Sunday, February 16, 2014

Clue (movie) - 1985

A movie based on a boardgame sounds like a terrible idea. In most cases it is, cue inevitable "Battleship" joke here. (No, go on, it's a freebie.) But sometimes, just sometimes, you can end up with something truly magical. Such is the case with the 1985 film "Clue."

"Clue" is, at its core, a drawing room mystery, as well as a European farce. It is what happens when a comedy and murder mystery run smack into each other at top speed and keep running. It's a film that runs on, no, depends on, timing. It's a film about comedy of errors and the errors of comedy. It is a film that builds and builds and builds until you think it's going to burst, then it does, and it keeps on building.
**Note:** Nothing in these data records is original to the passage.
(* Let $\mathcal X,\mathcal Y$ be nonempty convex compact sets and $\mathcal L:\mathcal X\times\mathcal Y\to\mathbb R$ a differentiable, uniformly strongly convex-concave function with saddle point $(x^*,y^* )$ and finite curvature constant $C_{\mathcal L}$ and finite $M_{\mathcal L}$. Let $z^{(t)}$ be a current iterate and, for a direction $d^{(t)}$ and step $\gamma$, let $w_\gamma:=w(z^{(t)}+\gamma d^{(t)})$ and $w_t:=w(z^{(t)})$. (I) If $(x^*,y^* )$ lies in the relative interior of $\mathcal X\times\mathcal Y$, $\mu^{int}_{\mathcal L}>0$, and $d^{(t)}=d^{(t)}_{FW}$ is the FW direction, then for any $\gamma\in[0,1]$, $$w_\gamma\le w_t-\nu^{FW}\gamma g_t^{FW}+\gamma^2C_{\mathcal L},\qquad\nu^{FW}:=1-\frac{M_{\mathcal L}}{\sqrt{\mu^{int}_{\mathcal L}}}.$$ (P) If $\mathcal X=\mathrm{conv}(\mathcal A)$, $\mathcal Y=\mathrm{conv}(\mathcal B)$ with $\mathcal A,\mathcal B$ finite, $\mu^A_{\mathcal L}>0$, and $d^{(t)}$ is the direction chosen by a step of SP-AFW at $z^{(t)}$, then for any $\gamma\in[0,\gamma_{\max}]$, $$w_\gamma\le w_t-\nu^{PFW}\gamma g_t^{PFW}+\gamma^2C_{\mathcal L},\qquad\nu^{PFW}:=\frac12-\frac{M_{\mathcal L}}{\sqrt{\mu^A_{\mathcal L}}}.$$
   Context: Convex-concave: $\mathcal L(\cdot,y)$ convex, $\mathcal L(x,\cdot)$ concave. Uniformly strongly convex-concave: there are $\mu_{\mathcal X},\mu_{\mathcal Y}>0$ with $\mathcal L(\cdot,y)$ $\mu_{\mathcal X}$-strongly convex for every $y$ and $-\mathcal L(x,\cdot)$ $\mu_{\mathcal Y}$-strongly convex for every $x$. Saddle point: $\mathcal L(x^*,y)\le\mathcal L(x^*,y^* )\le\mathcal L(x,y^* )$ for all $x,y$; $\mathcal L^*:=\mathcal L(x^*,y^* )$. For $z=(x,y)$: $r(z):=(\nabla_x\mathcal L(z),-\nabla_y\mathcal L(z))$, $w(z):=\mathcal L(x,y^* )-\mathcal L(x^*,y)$. With $r^{(t)}:=r(z^{(t)})$, $s^{(t)}\in\arg\min_{s\in\mathcal X\times\mathcal Y}\langle s,r^{(t)}\rangle$, $d^{(t)}_{FW}:=s^{(t)}-z^{(t)}$, $g_t^{FW}:=\langle-r^{(t)},d_{FW}^{(t)}\rangle$. SP-AFW step at $z^{(t)}$: $z^{(t)}$ is given with active sets $S_x^{(t)}\subseteq\mathcal A$, $S_y^{(t)}\subseteq\mathcal B$ and positive weights $\alpha$ summing to one on each, $x^{(t)}=\sum_{v\in S_x^{(t)}}\alpha_vv$, $y^{(t)}=\sum_{v\in S_y^{(t)}}\alpha_vv$. Let $v^{(t)}=(v_x^{(t)},v_y^{(t)})\in\arg\max_{v\in S_x^{(t)}\times S_y^{(t)}}\langle r^{(t)},v\rangle$, $d^{(t)}_A:=z^{(t)}-v^{(t)}$; if $\langle-r^{(t)},d^{(t)}_{FW}\rangle\ge\langle-r^{(t)},d^{(t)}_A\rangle$ then $d^{(t)}:=d^{(t)}_{FW}$, $\gamma_{\max}:=1$; else $d^{(t)}:=d^{(t)}_A$, $\gamma_{\max}:=\min\{\frac{\alpha_{v_x^{(t)}}}{1-\alpha_{v_x^{(t)}}},\frac{\alpha_{v_y^{(t)}}}{1-\alpha_{v_y^{(t)}}}\}$. $g_t^{PFW}:=\langle-r^{(t)},d^{(t)}_{FW}+d^{(t)}_A\rangle$. Constants. $\mathcal F:=\{\mathcal L(\cdot,y):y\in\mathcal Y\}$, $\mathcal G:=\{-\mathcal L(x,\cdot):x\in\mathcal X\}$. Curvature: $C_f:=\sup\frac2{\gamma^2}(f(x+\gamma(s-v))-f(x)-\gamma\langle s-v,\nabla f(x)\rangle)$ over $x,s,v$ in the domain, $\gamma>0$ with $x+\gamma(s-v)$ in the domain; $C_{\mathcal L}:=\frac12(\sup_{f\in\mathcal F}C_f+\sup_{g\in\mathcal G}C_g)$. Interior strong convexity of $f$ on $\mathcal K$ w.r.t. $x_c$ in its relative interior: $\mu_f^{x_c}:=\inf\frac2{\gamma^2}(f(u)-f(x)-\langle u-x,\nabla f(x)\rangle)$ over $x\in\mathcal K\setminus\{x_c\}$, $\gamma\in(0,1]$, $u=x+\gamma(s-x)$ where $s$ is where the ray from $x$ through $x_c$ meets the relative boundary of $\mathcal K$; $\mu^{int}_{\mathcal L}:=\min\{\inf_{f\in\mathcal F}\mu_f^{x^*},\inf_{g\in\mathcal G}\mu_g^{y^*}\}$. Geometric strong convexity of $f$ on $\mathcal K=\mathrm{conv}(\mathcal A)$: for $x\in\mathcal K$, $\mathcal S_x$ = family of $S\subseteq\mathcal A$ such that $x$ is a convex combination of all elements of $S$ with positive coefficients, $v_S(x)\in\arg\max_{v\in S}\langle\nabla f(x),v\rangle$, $v_f(x)\in\arg\min\{\langle\nabla f(x),v\rangle:v=v_S(x),S\in\mathcal S_x\}$, $s_f(x)\in\arg\min_{v\in\mathcal A}\langle\nabla f(x),v\rangle$, $\gamma^A(x,x'):=\frac{\langle-\nabla f(x),x'-x\rangle}{\langle-\nabla f(x),s_f(x)-v_f(x)\rangle}$, $\mu^A_f:=\inf_{x\in\mathcal K}\inf_{x':\langle\nabla f(x),x'-x\rangle<0}\frac2{\gamma^A(x,x')^2}(f(x')-f(x)-\langle x'-x,\nabla f(x)\rangle)$; $\mu^A_{\mathcal L}:=\min\{\inf_{f\in\mathcal F}\mu^A_f\text{ (over }\mathcal A),\inf_{g\in\mathcal G}\mu^A_g\text{ (over }\mathcal B)\}$. Bilinearity: $M_{XY}:=\sup\langle s-v,\frac{\nabla_x\mathcal L(x,y^* )-\nabla_x\mathcal L(x,y)}{\sqrt{\mathcal L^*-\mathcal L(x^*,y)}}\rangle$ over $y\ne y^*$, $x,s,v\in\mathcal X$; $M_{YX}:=\sup\langle s-v,\frac{\nabla_y\mathcal L(x,y)-\nabla_y\mathcal L(x^*,y)}{\sqrt{\mathcal L(x,y^* )-\mathcal L^*}}\rangle$ over $x\ne x^*$, $y,s,v\in\mathcal Y$; $M_{\mathcal L}:=\max\{M_{XY},M_{YX}\}$. *)

From HB Require Import structures.
From mathcomp Require Import all_boot all_order all_algebra.
From mathcomp Require Import all_classical all_reals all_analysis.
Set Implicit Arguments. Unset Strict Implicit. Unset Printing Implicit Defensive.
Import Order.TTheory GRing.Theory Num.Theory.
Import numFieldNormedType.Exports.
Local Open Scope classical_set_scope.
Local Open Scope ring_scope.

Section SPDefs.
Context {R : realType}.

Definition dotv {n : nat} (u v : 'rV[R]_n) : R := \sum_(i < n) u 0 i * v 0 i.

Definition convex_setR {n : nat} (K : set 'rV[R]_n) : Prop :=
  forall x y (t : R), K x -> K y -> 0 <= t <= 1 -> K (t *: x + (1 - t) *: y).

Definition strongly_convex_on {n : nat} (K : set 'rV[R]_n) (mu : R)
  (f : 'rV[R]_n -> R) : Prop :=
  forall x y (t : R), K x -> K y -> 0 <= t <= 1 ->
    f (t *: x + (1 - t) *: y) <=
      t * f x + (1 - t) * f y - mu / 2 * t * (1 - t) * dotv (x - y) (x - y).

Definition Lpair {n m : nat} (L : 'rV[R]_n -> 'rV[R]_m -> R) :
  'rV[R]_n * 'rV[R]_m -> R := fun p => L p.1 p.2.

Definition gradx {n m : nat} (L : 'rV[R]_n -> 'rV[R]_m -> R) x y : 'rV[R]_n :=
  \row_(i < n) ('d (Lpair L) (x, y) (delta_mx 0 i, 0)).
Definition grady {n m : nat} (L : 'rV[R]_n -> 'rV[R]_m -> R) x y : 'rV[R]_m :=
  \row_(i < m) ('d (Lpair L) (x, y) (0, delta_mx 0 i)).

Definition unif_strongly_convex_concave {n m : nat} (X : set 'rV[R]_n)
  (Y : set 'rV[R]_m) (L : 'rV[R]_n -> 'rV[R]_m -> R) : Prop :=
  exists muX muY : R, 0 < muX /\ 0 < muY /\
    (forall y, Y y -> strongly_convex_on X muX (fun x => L x y)) /\
    (forall x, X x -> strongly_convex_on Y muY (fun y => - L x y)).

Definition saddle_point {n m : nat} (X : set 'rV[R]_n) (Y : set 'rV[R]_m)
  (L : 'rV[R]_n -> 'rV[R]_m -> R) xs ys : Prop :=
  X xs /\ Y ys /\ forall x y, X x -> Y y -> L xs y <= L xs ys <= L x ys.

Definition wgap {n m : nat} (L : 'rV[R]_n -> 'rV[R]_m -> R) xs ys x y : R :=
  L x ys - L xs y.

Definition conv_hull {n : nat} (A : seq 'rV[R]_n) : set 'rV[R]_n :=
  [set x | exists a : 'rV[R]_n -> R, (forall v, v \in A -> 0 <= a v) /\
     \sum_(v <- undup A) a v = 1 /\ x = \sum_(v <- undup A) a v *: v].

Definition pos_comb {n : nat} (A S : seq 'rV[R]_n) (x : 'rV[R]_n) : Prop :=
  uniq S /\ {subset S <= A} /\
  exists a : 'rV[R]_n -> R, (forall v, v \in S -> 0 < a v) /\
     \sum_(v <- S) a v = 1 /\ x = \sum_(v <- S) a v *: v.

Definition aff_hull {V : lmodType R} (K : set V) : set V :=
  [set z | exists (k : nat) (p : 'I_k -> V) (a : 'I_k -> R),
     (forall i, K (p i)) /\ \sum_(i < k) a i = 1 /\ z = \sum_(i < k) a i *: p i].

Definition relint {V : lmodType R} (sqn : V -> R) (K : set V) : set V :=
  [set x | K x /\ exists e : R, 0 < e /\
     forall z, aff_hull K z -> sqn (z - x) < e -> K z].

Definition sqnv {n : nat} (u : 'rV[R]_n) : R := dotv u u.
Definition sqnp {n m : nat} (p : 'rV[R]_n * 'rV[R]_m) : R := dotv p.1 p.1 + dotv p.2 p.2.

Definition relbd {n : nat} (K : set 'rV[R]_n) : set 'rV[R]_n :=
  [set x | closure K x /\ ~ relint sqnv K x].

(* ---- the quantities C_f, mu_f^{xc}, mu_f^A for a function f with gradient gf
   on K; each returns the set of values whose sup/inf defines the constant *)
Definition curv_vals {n : nat} (K : set 'rV[R]_n) (f : 'rV[R]_n -> R)
  (gf : 'rV[R]_n -> 'rV[R]_n) : set R :=
  [set r | exists x s v (g : R), K x /\ K s /\ K v /\ 0 < g /\
     K (x + g *: (s - v)) /\
     r = 2 / g ^+ 2 * (f (x + g *: (s - v)) - f x - g * dotv (s - v) (gf x))].

Definition muint_vals {n : nat} (K : set 'rV[R]_n) (xc : 'rV[R]_n)
  (f : 'rV[R]_n -> R) (gf : 'rV[R]_n -> 'rV[R]_n) : set R :=
  [set r | exists x (g : R) s (lam : R), K x /\ x <> xc /\ 0 < g <= 1 /\
     1 <= lam /\ s = x + lam *: (xc - x) /\ relbd K s /\
     r = 2 / g ^+ 2 * (f (x + g *: (s - x)) - f x
                        - dotv (x + g *: (s - x) - x) (gf x))].

Definition is_vS {n : nat} (g : 'rV[R]_n) (S : seq 'rV[R]_n) v : Prop :=
  v \in S /\ forall u, u \in S -> dotv g u <= dotv g v.

Definition is_vf {n : nat} (A : seq 'rV[R]_n) (g x : 'rV[R]_n) v : Prop :=
  (exists S, pos_comb A S x /\ is_vS g S v) /\
  forall S v', pos_comb A S x -> is_vS g S v' -> dotv g v <= dotv g v'.

Definition is_sf {n : nat} (A : seq 'rV[R]_n) (g : 'rV[R]_n) s : Prop :=
  s \in A /\ forall u, u \in A -> dotv g s <= dotv g u.

Definition gammaA {n : nat} (g x x' s v : 'rV[R]_n) : R :=
  dotv (- g) (x' - x) / dotv (- g) (s - v).

Definition muA_vals {n : nat} (K : set 'rV[R]_n) (A : seq 'rV[R]_n)
  (f : 'rV[R]_n -> R) (gf : 'rV[R]_n -> 'rV[R]_n) : set R :=
  [set r | exists x x' s v, K x /\ K x' /\ dotv (gf x) (x' - x) < 0 /\
     is_sf A (gf x) s /\ is_vf A (gf x) x v /\
     r = 2 / (gammaA (gf x) x x' s v) ^+ 2 *
           (f x' - f x - dotv (x' - x) (gf x))].

Local Open Scope ereal_scope.

Definition CL_e {n m : nat} (X : set 'rV[R]_n) (Y : set 'rV[R]_m)
  (L : 'rV[R]_n -> 'rV[R]_m -> R) : \bar R :=
  (ereal_sup [set r%:E | r in \bigcup_(y in Y)
                 curv_vals X (fun x => L x y) (fun x => gradx L x y)] +
   ereal_sup [set r%:E | r in \bigcup_(x in X)
                 curv_vals Y (fun y => - L x y)%R (fun y => - grady L x y)%R])
  * (2^-1)%:E.

Definition muint_e {n m : nat} (X : set 'rV[R]_n) (Y : set 'rV[R]_m)
  (L : 'rV[R]_n -> 'rV[R]_m -> R) xs ys : \bar R :=
  mine (ereal_inf [set r%:E | r in \bigcup_(y in Y)
          muint_vals X xs (fun x => L x y) (fun x => gradx L x y)])
       (ereal_inf [set r%:E | r in \bigcup_(x in X)
          muint_vals Y ys (fun y => - L x y)%R (fun y => - grady L x y)%R]).

Definition muA_e {n m : nat} (X : set 'rV[R]_n) (Y : set 'rV[R]_m)
  (L : 'rV[R]_n -> 'rV[R]_m -> R) (A : seq 'rV[R]_n) (B : seq 'rV[R]_m) : \bar R :=
  mine (ereal_inf [set r%:E | r in \bigcup_(y in Y)
          muA_vals X A (fun x => L x y) (fun x => gradx L x y)])
       (ereal_inf [set r%:E | r in \bigcup_(x in X)
          muA_vals Y B (fun y => - L x y)%R (fun y => - grady L x y)%R]).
The pedigree of "Clue" is a fantastic story by itself. The story of "Clue" was co-conceived by John Landis. If you don't know who John Landis is, well, you really, really should. He directed such amazing films as "Animal House," "Trading Places," "Coming To America," "Three Amigos!" and "The Blues Brothers" (which I've still never seen). He's generally one of the sharper directors and he wrote "Blues Brothers" so you can say his writing's pretty aces also.

The director, Jonathan Lynn, has had some ups and downs, but "Clue" was his first hand at directing, and it's a very high bar to have to live up to, which none of his following projects have (although "My Cousin Vinnie" does tickle close for a good part of it).

The cast of "Clue," however, is the real cherry. Let me give you the list of names first and foremost - Tim Curry, Christopher Lloyd, Michael McKean, Madeline Kahn, Eileen Brennan, Martin Mull, Leslie Ann Warren... I mean, I shouldn't really have to say more than Tim Curry. You should have stopped me there and said "Oh, Tim Curry's in it. Of course I'll watch this." Tim Curry makes bad movies okay, okay movies good, good movies great and great movies AMAZING. And Tim Curry has been in some BAD BAD movies. Of course, he was also in "Rocky Horror Picture Show" and I think that's the pinnacle of "too bad not to be good." I can't let you go by without seeing some of that.


So that just happened. Tim Curry plays the butler, in an amazing performance the rebounds from incredibly stuffy to full blown frantic. He is the absolute lynchpin of this movie. He knows that he's the captain of the show, and that all the other actors have timing cues that mostly rely on him being just half a second faster than you would expect him to, and he nails it. If he didn't lock it in as well as he did, all of the rest of the things wouldn't work, which isn't to say the rest of the cast isn't amazing. Madeline Kahn, who was taken from us far too early by ovarian cancer in 1999, gives a wonderful headfuck of a performance, as Mrs. White, the serial widow. Kahn was an amazing actress who we'll revisit in this blog on several occasions, but here she plays the spider to a point.

Michael McKean's performance, on the other hand, is the complete oppposite - whereas Kahn is playing Mrs. White as ambiguous and silently insane, McKean takes Mr. Green into full-blown panic attack almost every chance he gets. You keep wondering how much bigger the performance is going to get, and it just doesn't stop giving. He's not the only one who gets a little over the top. Almost all of the cast have their moments of complete and unrestrained insanity. I mean, what else would you expect from someone like Christopher Lloyd, who's still best known for playing Doc Brown in the Back To The Future films, despite a veritable laundry list of comedic roles. And Martin Mull really should be in more things. His character is the epitome of a spinning coin, somewhere between military bluster and cowering wreck, with either threatening to show up at any moment. Eileen Brennan has the stoic, if addled, politician's wife, and has her role down fine, with the scene of her continuing to talk and talk and talk and talk early on giving the film one of its first escalating laughs. And Leslie Ann Warren puts in a fine performance, although her part is a little overly focused on the vamp. Still, there isn't an actor in this film that isn't delivering a killer performance.

In fact, the best part of this movie is watching all the actors interplay with clockwork precision, if that clockwork happened to be on a rollercoaster. It has all of the barbs and jabs it needs while still being wry enough to make you grin. It's a slow burn, too, that builds and builds and builds.

I don't want to spoil the movie, because there really is a mystery in the film (with three different endings!) but I do want to say that it's a film that's all about the details. The dialogue is witty and razor sharp without ever breaking the flow of the entire movie, which is no small accomplishment, as this movie certainly gets its flow on. The last twenty minutes of the film run at a breakneck pace that must have been ten times as exhausting to film as they were to watch.

I have watched Clue at least 20 times over the years, and it's one of the films that if I ever accidentally stumble onto on TV, I am compelled to sit and watch all of it. When that doesn't happen, I try and fire it up ever couple of years anyway.


So, for your consideration, "Clue" - a movie about murder, mayhem, madness and comedy, where the fourth murder of the film is the point where Tim Curry finally remarks, "This is getting serious." You need a laugh. Check it out.